How To Use Visualization To Get What You Want

mbg Contributor By Vanessa Loder, MBA
mbg Contributor
anessa Loder, MBA, is a women’s leadership expert, inspirational speaker, and mindfulness teacher.

We have two minds — the conscious and the subconscious. According to Dr. Bruce Lipton, a former professor of medicine at Stanford University, "the subconscious mind operates at 40 million bits of data per second, whereas the conscious mind processes at only 40 bits per second."

Without our even knowing, our subconscious mind is processing things at an astronomical rate. So how can we harness this power and use it to our advantage?

Well, the subconscious mind thinks in images and feelings. This could mean that if you set a goal of earning a certain amount of money or finding your soul mate, you are much more likely to obtain these future goals if you try focusing on the images and feelings associated with them.

It’s important to visualize your goals with images that trigger you in the most physical way possible. You can tell when you’ve found a great image, because you'll feel the sensation of that excitement in your body.

Whether it's a tingling feeling like champagne bubbles in your stomach, or the hairs on your arms stand up a bit — try taking notice of how different images trigger you physiologically when you visualize your goals.

For example, my business partner and I want to write a best-selling book. So I tried to visualize our book at the top of The New York Times bestseller list, but that image didn't seem quite right. I didn't feel any sensations of excitement in my body.

Instead, I started to imagine that I already had a best-selling book. I visualized the situations that could come with this scenario that made me feel excited.

This was the scenario that came to my mind:

I’m walking through the airport, traveling for business. I’m running a bit late (as I often do), frantically looking up at the monitor and searching for my gate, when out of the corner of my eye, I see my own face looking back at me from the airport bookstore. It’s very surreal, completely unexpected and a bit unsettling. Then I realize it’s my bestselling book and a huge smile spreads across my face!

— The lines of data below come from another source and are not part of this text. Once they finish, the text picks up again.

Lemma sesqZl n (x z : 'cV[C]_n) a A : sesq (a *: x) A z = a^*%C * sesq x A z.
Proof. by rewrite /sesq adjmZ -!scalemxAl mxE. Qed.

Lemma sesqZr n (x z : 'cV[C]_n) a A : sesq z A (a *: x) = a * sesq z A x.
Proof. by rewrite /sesq -scalemxAr mxE. Qed.

Lemma conj_sesq n (x y : 'cV[C]_n) A : (sesq x A y)^*%C = sesq y (adjm A) x.
Proof. by rewrite /sesq -adjmE !adjmM adjmK mulmxA. Qed.

Lemma mul_col_row_mx00 m n (A : 'M[C]_(m, 1)) (B : 'M[C]_(1, n)) i j :
  (A *m B) i j = A i 0 * B 0 j.
Proof. by rewrite mxE big_ord1. Qed.

Lemma sesq_mul_col_row n (x y u : 'cV[C]_n) (r : 'rV[C]_n) :
  sesq x (u *m r) y = (adjm x *m u) 0 0 * (r *m y) 0 0.
Proof. by rewrite /sesq mulmxA -(mulmxA (adjm x *m u)) mul_col_row_mx00. Qed.

Lemma sesq_outer n (x w : 'cV[C]_n) :
  sesq x (w *m adjm w) x = `|(adjm x *m w) 0 0| ^+ 2.
Proof.
by rewrite sesq_mul_col_row sqr_normc -adjmE adjmM adjmK.
Qed.

Lemma mxtrace_col_row n (x : 'cV[C]_n) (y : 'rV[C]_n) : \tr (x *m y) = (y *m x) 0 0.
Proof. by rewrite mxtrace_mulC /mxtrace big_ord1. Qed.

Lemma mxtrace_outer_mul n (h : 'cV[C]_n) A : \tr (h *m adjm h *m A) = sesq h A h.
Proof. by rewrite -mulmxA mxtrace_col_row. Qed.


Lemma psdmx0 n : psdmx (0 : 'M[C]_n).
Proof.
split; first by rewrite /adjm map_mx0 trmx0.
by move=> x; rewrite -/(sesq x 0 x) sesq0.
Qed.

Lemma psdmxD n (A B : 'M[C]_n) : psdmx A -> psdmx B -> psdmx (A + B).
Proof.
move=> [hA A_ge0] [hB B_ge0]; split; first by rewrite adjmD -hA -hB.
by move=> x; rewrite -/(sesq x _ x) sesqD addr_ge0 // ?A_ge0 ?B_ge0.
Qed.

Lemma psdmx_sum n (I : Type) (r : seq I) (P : pred I) (F : I -> 'M[C]_n) :
  (forall i, P i -> psdmx (F i)) -> psdmx (\sum_(i <- r | P i) F i).
Proof. by move=> F_psd; apply: big_ind; [exact: psdmx0 | exact: psdmxD |]. Qed.

Lemma psdmx_outer n (w : 'cV[C]_n) : psdmx (w *m adjm w).
Proof.
split; first by rewrite adjmM adjmK.
by move=> x; rewrite -/(sesq x _ x) sesq_outer exprn_ge0.
Qed.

As bizarre as it may sound to you, it was this series of images that created a happy, tingling and excited feeling in my body.

Another woman I know from my MBA program experienced similar success through her own visualizations. She was single, and wanted to find her soul mate. She said that she could picture clearly, the toasts at her wedding — tears would fill her eyes. And just less than three months later, she met this wonderful man! They just decided to move in together and while she isn’t engaged yet, she’s incredibly happy and feels confident that the relationship is here to stay.

Think of one of your goals right now. Close your eyes and try to imagine different scenarios that could occur if this goal were a reality. Find the images that most excite you in your body and focus on those. If you’re feeling stuck, a great way to get started is to create a Goal Board.

Skeptical? Well, if you’re looking for scientific evidence before giving this visualization stuff a try, research shows that adding a visual element to our written goals may bring even stronger results.

In one 1996 study at Michigan State University, over 200 emergency room patients were given instructions on how to care for their wounds at home before being discharged. Half of the patients received text-only instructions. The rest received the same text accompanied with images.

The research team followed up with the patients three days later to see which individuals were more successful in following their home-care plan.

The results were intriguing:

While almost half (46%) of the people who received the images along with the instructions were able to answer each of the wound-care questions correctly, only 6% of the text-only group did so successfully. And, those in the image group were less than half (43%) better in terms of their adherence to the instructions than the text-only crowd.

So what does this mean for you?

Adding pictures that represent what you want to come to fruition in your life can make attaining those goals easier than just writing them down. You can make a Goal board or even give hypnotherapy a try, by adding the element of guided relaxation to help tune in to your subconscious mind. I find that it helps to try visualizing your ideal life five years from now.

Once you’ve gotten clear on the images that excite you and represent your goals, it’s important to visualize them often in your mind's eye, to continuously trigger the power of your subconscious.

Every night when you go to sleep, spend about two minutes picturing the images of your future success. If you made a Goal Board, look at it right before bed and again first thing in the morning.

According to Dr. Wayne Dyer, the last two minutes before you fall asleep at night stay in your subconscious mind for up to four hours while you’re sleeping! So this is the best time to do your visualization.

When you imagine your future success, your subconscious mind will draw in people and opportunities to make that future success a reality. So give visualization a try and create the future of your dreams!